The main advantage of using a rotary cutter to shred residue is that it allows farmers to set their combine header 20 to 30 centimetres higher than they would if they were trying to do everything in one pass.
Less material is run through the combine, allowing the machine to travel faster and use less horsepower. It speeds up harvest, saves on fuel and improves the separation of grain from residue, he said.
Increasing a combine’s ground speed by 0.8 km-h doesn’t sound like much but with an 11 metre header, that means harvesting an extra 2.2 acres per hour or an extra quarter section per week, assuming a producer is working 10 hours per day.
Schulte is working with Agriculture Canada researchers to determine if there would be net fuel savings with the two-pass system. The results are not in but Dow is pretty confident he knows what the answer will be.
“Your net fuel savings will be there on the overall package,” he told growers.
Rotary cutters are available in four widths ranging from 4.5 metres to 12.8 metres. The biggest machine can process 35.6 acres per hour.
The eight metre model sells for around $55,000 and the 12.8 metre version for about $100,000. Dow pointed out many farmers would be saving the $20,000 to $25,000 they would otherwise be spending on a straw chopper for the combine.
The units can be towed nicely by tractors in the 200 to 300 horsepower range at a speed of about 9.7 km-h.
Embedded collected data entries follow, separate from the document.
Lemma cayley_immersion q w : 'D_w cayley q = 0 -> w = 0.
Proof.
rewrite derive_cayley => /rowP Dw0.
set E := sphere_coords _ _ _ _ in Dw0.
have Dk k : reval (E k) q = 0 by have := Dw0 k; rewrite !mxE.
have dx j : reval (rderive (xE j) w) q = 0.
  by have := Dk (lshift _ (wid j)); rewrite /E /sphere_coords split_lshift unlift_max_widen.
have dy j : reval (rderive (yE j) w) q = 0.
  by have := Dk (rshift _ (wid j)); rewrite /E /sphere_coords split_rshift unlift_max_widen.
have dxn := Dk (lshift _ ord_max); have dyn := Dk (rshift _ ord_max).
rewrite /E /sphere_coords split_lshift split_rshift unlift_none in dxn dyn.
have [dt dv] := derive_tv_from_last q w.
rewrite dxn dyn !mulr0 addr0 subr0 oppr0 !mul0r in dt dv.
have dz : zc w = 0.
  apply: (mulfI (_ : - 2 * c ^+ 2 != 0)); first by rewrite mulf_neq0 ?oppr_eq0 ?expf_neq0.
  by rewrite -(derive_tE q) dt mulr0.
have du : reval (rderive usqE w) q = 0.
  by apply: (mulfI (_ : c ^+ 2 != 0)); rewrite ?expf_neq0 // -(derive_vE q) dv mulr0.
have two_c : 2 * c != 0 by rewrite mulf_neq0 ?pnatr_eq0.
apply: eq_row_cyl => [j|j|]; rewrite ?/zc /ux /uy mxE.
- apply: (mulfI two_c); have [-> _] := derive_u_from_pair q w j du dz.
  by rewrite dx dy !mulr0 subr0.
- apply: (mulfI two_c); have [_ ->] := derive_u_from_pair q w j du dz.
  by rewrite dx dy !mulr0 subr0.
- by move: dz; rewrite /zc.
Qed.

Lemma xc_cayley q j : xc (cayley q) (wid j) =
  2 * c * (ux q j * reval tE q - uy q j * reval pE q) / reval qE q.
Proof. by have := qE_neq0 q; rewrite xc_rmap /= /ux /uy => ?; field. Qed.
Lemma yc_cayley q j : yc (cayley q) (wid j) =
  - 2 * c * (uy q j * reval tE q + ux q j * reval pE q) / reval qE q.
Proof. by have := qE_neq0 q; rewrite yc_rmap /= /ux /uy => ?; field. Qed.
Lemma xc_cayley_max q : xc (cayley q) ord_max =
  (1 - reval vE q ^+ 2 - reval tE q ^+ 2) / reval qE q.
Proof. by have := qE_neq0 q; rewrite xc_rmap_max /= => ?; field. Qed.
Lemma yc_cayley_max q : yc (cayley q) ord_max = 2 * reval tE q / reval qE q.
Proof. by have := qE_neq0 q; rewrite yc_rmap_max /= => ?; field. Qed.

Lemma cayley_sqnorm q : sqnorm (cayley q) = 1.
Proof.
have pairE j : xc (cayley q) (wid j) ^+ 2 + yc (cayley q) (wid j) ^+ 2 =
               4 * c ^+ 2 / reval qE q * (ux q j ^+ 2 + uy q j ^+ 2).
  by have := qE_neq0 q; rewrite xc_cayley yc_cayley reval_qE => ?; field.
rewrite sqnorm_xy_recr; under eq_bigr do rewrite pairE.
rewrite -mulr_sumr -sqnorm_ucomp xc_cayley_max yc_cayley_max.
by have := qE_neq0 q; rewrite reval_qE reval_pE !reval_vE => ?; field.
Qed.

Lemma cayley_yc_max_ge0 q : zc q <= a -> 0 <= yc (cayley q) ord_max.
Proof.
move=> le_za; rewrite yc_cayley_max reval_tE divr_ge0 ?(le_trans ler01 (qE_ge1 q)) //.
by have := sqr_ge0 c; nra.
Qed.

Lemma cayley_yc_max_top q : zc q = a -> yc (cayley q) ord_max = 0.
Proof. by move=> eq_za; rewrite yc_cayley_max reval_tE eq_za subrr !mulr0 mul0r. Qed.

Definition re_1w (p : 'rV[R]_(m.+1 + m.+1)) : R := 1 + xc p ord_max.
Definition norm2_1w (p : 'rV[R]_(m.+1 + m.+1)) : R := re_1w p ^+ 2 + yc p ord_max ^+ 2.

Definition cayley_inv (p : 'rV[R]_(m.+1 + m.+1)) : V :=
  \row_i match fintype.split i with
    | inl k => match fintype.split k with
      | inl j => (xc p (wid j) * yc p ord_max - yc p (wid j) * re_1w p) / (norm2_1w p * c)
      | inr j => - (xc p (wid j) * re_1w p + yc p (wid j) * yc p ord_max) / (norm2_1w p * c)
      end
    | inr _ => a - yc p ord_max / (norm2_1w p * c ^+ 2)
    end.

Lemma ux_cayley_inv p j :
  ux (cayley_inv p) j = (xc p (wid j) * yc p ord_max - yc p (wid j) * re_1w p) / (norm2_1w p * c).
Proof. by rewrite /ux mxE /ix !split_lshift. Qed.
Lemma uy_cayley_inv p j :
  uy (cayley_inv p) j = - (xc p (wid j) * re_1w p + yc p (wid j) * yc p ord_max) / (norm2_1w p * c).
Proof. by rewrite /uy mxE /iy split_lshift split_rshift. Qed.
Lemma zc_cayley_inv p : zc (cayley_inv p) = a - yc p ord_max / (norm2_1w p * c ^+ 2).
Proof. by rewrite /zc mxE split_rshift. Qed.

Lemma re_1w_cayley q : re_1w (cayley q) = 2 * reval pE q / reval qE q.
Proof.
by have := qE_neq0 q; rewrite /re_1w xc_cayley_max reval_qE reval_pE => ?; field.
Qed.

Lemma norm2_1w_cayley q : norm2_1w (cayley q) = 4 / reval qE q.
Proof.
by have := qE_neq0 q; rewrite /norm2_1w re_1w_cayley yc_cayley_max reval_qE => ?; field.
Qed.

Lemma cayley_invK q : cayley_inv (cayley q) = q.
Proof.
have Q_neq0 : reval tE q ^+ 2 + reval pE q ^+ 2 != 0 by rewrite -reval_qE qE_neq0.
apply: eq_row_cyl => [j|j|].
- rewrite ux_cayley_inv re_1w_cayley norm2_1w_cayley xc_cayley yc_cayley yc_cayley_max.
  by rewrite reval_qE; field; rewrite Q_neq0 c_neq0.
- rewrite uy_cayley_inv re_1w_cayley norm2_1w_cayley xc_cayley yc_cayley yc_cayley_max.
  by rewrite reval_qE; field; rewrite Q_neq0 c_neq0.
- rewrite zc_cayley_inv norm2_1w_cayley yc_cayley_max reval_qE reval_tE.
  by move: Q_neq0; rewrite reval_tE => Q_neq0; field; rewrite Q_neq0 c_neq0.
Qed.

Section RightInverse.
Variable p : 'rV[R]_(m.+1 + m.+1).
Hypothesis p_sphere : sqnorm p = 1.
Hypothesis re_1w_gt0 : 0 < re_1w p.

Lemma norm2_1w_gt0 : 0 < norm2_1w p.
Proof. by rewrite ltr_wpDr ?sqr_ge0 ?exprn_gt0. Qed.

Let D_neq0 : (1 + xc p ord_max) ^+ 2 + yc p ord_max ^+ 2 != 0.
Proof. by rewrite gt_eqF ?norm2_1w_gt0. Qed.

Lemma vE_cayley_inv : reval vE (cayley_inv p) = 2 * re_1w p / norm2_1w p - 1.
Proof.
have pairE j : ux (cayley_inv p) j ^+ 2 + uy (cayley_inv p) j ^+ 2 =
               (xc p (wid j) ^+ 2 + yc p (wid j) ^+ 2) / (norm2_1w p * c ^+ 2).
  rewrite ux_cayley_inv uy_cayley_inv /norm2_1w /re_1w.
  by field; rewrite D_neq0 c_neq0.
have sumE : \sum_(j < m) (xc p (wid j) ^+ 2 + yc p (wid j) ^+ 2) =
            1 - xc p ord_max ^+ 2 - yc p ord_max ^+ 2.
  by rewrite -p_sphere sqnorm_xy_recr; ring.
rewrite reval_vE sqnorm_ucomp; under eq_bigr do rewrite pairE.
rewrite -mulr_suml sumE /norm2_1w /re_1w.
by field; rewrite D_neq0 c_neq0.
Qed.

Lemma tE_cayley_inv : reval tE (cayley_inv p) = 2 * yc p ord_max / norm2_1w p.
Proof. by rewrite reval_tE zc_cayley_inv /norm2_1w /re_1w; field; rewrite D_neq0 c_neq0. Qed.

Lemma qE_cayley_inv : reval qE (cayley_inv p) = 4 / norm2_1w p.
Proof.
rewrite reval_qE reval_pE vE_cayley_inv tE_cayley_inv /norm2_1w /re_1w.
by field.
Qed.

Lemma cayley_invKV : cayley (cayley_inv p) = p.
Proof.
apply: eq_row_xy; apply: ord_max_ind => [j|];
  rewrite ?xc_cayley ?yc_cayley ?xc_cayley_max ?yc_cayley_max ?ux_cayley_inv ?uy_cayley_inv
          ?reval_pE ?vE_cayley_inv tE_cayley_inv qE_cayley_inv /norm2_1w /re_1w.
all: by field; rewrite ?D_neq0 ?c_neq0.
Qed.

End RightInverse.

Section Covering.
Context {eps : R} {p : 'rV[R]_(m.+1 + m.+1)}.
Hypotheses (a_gt0 : 0 < a) (eps_gt0 : 0 < eps).
Hypotheses (c_eps : 4 / eps ^+ 2 <= c ^+ 2) (c_a : 4 / (a * eps ^+ 4) <= c ^+ 2).
Hypotheses (p_sphere : sqnorm p = 1) (yn_ge0 : 0 <= yc p ord_max).
Hypothesis p_far : eps <= eucl_dist p (pole_minus m).

Local Notation d := (re_1w p).
Local Notation D := (norm2_1w p).

Let eps_d : eps ^+ 2 <= 2 * d.
Proof.
move: p_far; rewrite /eucl_dist sqnorm_sub_pole_minus // => far.
have d_ge0 : 0 <= 2 * d by rewrite -sqnorm_sub_pole_minus ?sqnorm_ge0.
by rewrite -ler_sqrt // sqrtr_sqr (ger0_norm (ltW eps_gt0)).
Qed.

Let d_gt0 : 0 < d.
Proof. by have := exprn_gt0 2 eps_gt0; have := eps_d; lra. Qed.

Let D_gt0 : 0 < D. Proof. exact: norm2_1w_gt0. Qed.

Lemma cayley_inv_usq_le1 : sqnorm (ucomp (cayley_inv p)) <= 1.
Proof.
have dD : 2 * d / D <= 2 / d.
  rewrite -subr_ge0 (_ : _ - _ = 2 * yc p ord_max ^+ 2 / (d * D)).
    by rewrite divr_ge0 ?mulr_ge0 ?sqr_ge0 // ltW.
  by move: D_gt0; rewrite /norm2_1w => /gt_eqF D_neq0; field; rewrite D_neq0 gt_eqF.
have d_eps : 2 / d <= 4 / eps ^+ 2.
  by rewrite ler_pdivrMr // mulrAC ler_pdivlMr ?exprn_gt0 //; have := eps_d; lra.
have : c ^+ 2 * sqnorm (ucomp (cayley_inv p)) <= c ^+ 2 * 1.
  rewrite -reval_vE vE_cayley_inv // mulr1 lerBlDr.
  by apply: le_trans (le_trans dD (le_trans d_eps c_eps)) _; rewrite lerDl.
by rewrite ler_pM2l ?exprn_gt0.
Qed.

Lemma cayley_inv_zc_ge0 : 0 <= zc (cayley_inv p).
Proof.
have yn_le1 : yc p ord_max <= 1.
  move: p_sphere; rewrite sqnorm_xy_recr.
  have : 0 <= \sum_(j < m) (xc p (wid j) ^+ 2 + yc p (wid j) ^+ 2).
    by apply: sumr_ge0 => j _; rewrite addr_ge0 ?sqr_ge0.
  by have := sqr_ge0 (xc p ord_max); nra.
have D_ge : eps ^+ 4 / 4 <= D.
  by rewrite /norm2_1w; have := sqr_ge0 (yc p ord_max); have := eps_d; nra.
have : 1 <= a * (D * c ^+ 2).
  have <- : a * (eps ^+ 4 / 4 * (4 / (a * eps ^+ 4))) = 1.
    by field; rewrite gt_eqF ?exprn_gt0 // gt_eqF.
  rewrite ler_pM2l // ler_pM // ?divr_ge0 ?mulr_ge0 ?exprn_ge0 // ltW //.
by rewrite zc_cayley_inv subr_ge0 ler_pdivrMr ?mulr_gt0 ?exprn_gt0 //; lra.
Qed.

Lemma cayley_far_in_image : (cayley @` cylD m a) p.
Proof.
exists (cayley_inv p); last exact: cayley_invKV.
split; first exact: cayley_inv_usq_le1.
rewrite cayley_inv_zc_ge0 zc_cayley_inv gerDl oppr_le0.
by rewrite divr_ge0 ?mulr_ge0 ?sqr_ge0 // ltW.
Qed.

Lemma cayley_far_in_top_image : yc p ord_max = 0 -> (cayley @` cyl_top m a) p.
Proof.
move=> yn0; exists (cayley_inv p); last exact: cayley_invKV.
by split; [exact: cayley_inv_usq_le1 | rewrite zc_cayley_inv yn0 mul0r subr0].
Qed.

End Covering.

Lemma cayley_contact_embedding : contact_embedding m a cayley.
Proof.
split.
- exists setT; split; first exact: openT.
  by split=> //; apply: smooth_rmap; exact: rdefined_coords.
- by move=> q1 q2 _ _ eq_h; rewrite -(cayley_invK q1) eq_h cayley_invK.
- by move=> q _ w; exact: cayley_immersion.
- move=> _ [q [_ /andP[_ le_za]] <-].
  by split; [exact: cayley_sqnorm | exact: cayley_yc_max_ge0].
- move=> q _ w; rewrite cayley_contact; split=> [/eqP|->]; last by rewrite mulr0.
  rewrite mulf_eq0 => /orP[|/eqP //].
  by rewrite !mulf_eq0 invr_eq0 (negbTE (qE_neq0 q)) (gt_eqF c_gt0) oppr_eq0 pnatr_eq0.
Qed.

Lemma cayley_top_bdD : cayley @` cyl_top m a `<=` bdD m.
Proof.
move=> _ [q [_ eq_za] <-].
by split; [exact: cayley_sqnorm | exact: cayley_yc_max_top].
Qed.

End CayleyMap.

Theorem lemma7p5 (R : realType) (m : nat) (a : R) (ha : 0 < a) :
  forall eps : R, 0 < eps ->
  exists h : 'rV[R]_((m + m) + 1) -> 'rV[R]_(m.+1 + m.+1),
    [/\ contact_embedding m a h,
        h @` cyl_top m a `<=` bdD m,
        (forall p, bdD m p -> ~ (h @` cyl_top m a) p -> eucl_dist p (pole_minus m) < eps) &
        (forall p, stdD m p -> ~ (h @` cylD m a) p ->
           exists2 b, bdD m b & eucl_dist p b < eps)].
Proof.
move=> eps eps_gt0.
pose c : R := 1 + 4 / eps ^+ 2 + 4 / (a * eps ^+ 4).
have eps_term_ge0 : 0 <= 4 / eps ^+ 2 by rewrite divr_ge0 ?exprn_ge0 ?ltW.
have a_term_ge0 : 0 <= 4 / (a * eps ^+ 4) by rewrite divr_ge0 ?mulr_ge0 ?exprn_ge0 ?ltW.
have c_ge1 : 1 <= c by rewrite /c; lra.
have c_gt0 : 0 < c by lra.
have c_le_sqr : c <= c ^+ 2 by rewrite expr2 ler_peMl // ltW.
have c_eps : 4 / eps ^+ 2 <= c ^+ 2 by rewrite /c in c_le_sqr *; lra.
have c_a : 4 / (a * eps ^+ 4) <= c ^+ 2 by rewrite /c in c_le_sqr *; lra.
exists (cayley a c); split.
- exact: cayley_contact_embedding.
- exact: cayley_top_bdD.
- move=> p [p_sphere yn0] not_img; rewrite ltNge; apply/negP => far; apply: not_img.
  have yn_ge0 : 0 <= yc p ord_max by rewrite yn0.
  exact: (cayley_far_in_top_image a c c_gt0 eps_gt0 c_eps p_sphere yn_ge0 far yn0).
- move=> p [p_sphere yn_ge0] not_img.
  have [near|far] := ltP (eucl_dist p (pole_minus m)) eps.
    by exists (pole_minus m) => //; exact: bdD_pole_minus.
  case: not_img.
  exact: (cayley_far_in_image a c c_gt0 ha eps_gt0 c_eps c_a p_sphere yn_ge0 far).
Qed.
Schulte’s flex wing cutters fold up into a compact three-metre width for transport, similar to cultivators and drills.
Dow said the cutters have mulched the stalks on a 200 bushel per acre corn crop in Europe, dealt with the remainder of a dense irrigated cotton field in Georgia and pulverized wheat straw in northern Saskatchewan.
The cutter has also proven popular with grass seed producers and organic farmers who use it to plow down their green manure crops.
About the only thing it can’t shred is the wiry residue of a flax crop.
“I’m not going to recommend it’s going to do a good enough job (with flax),” said Dow.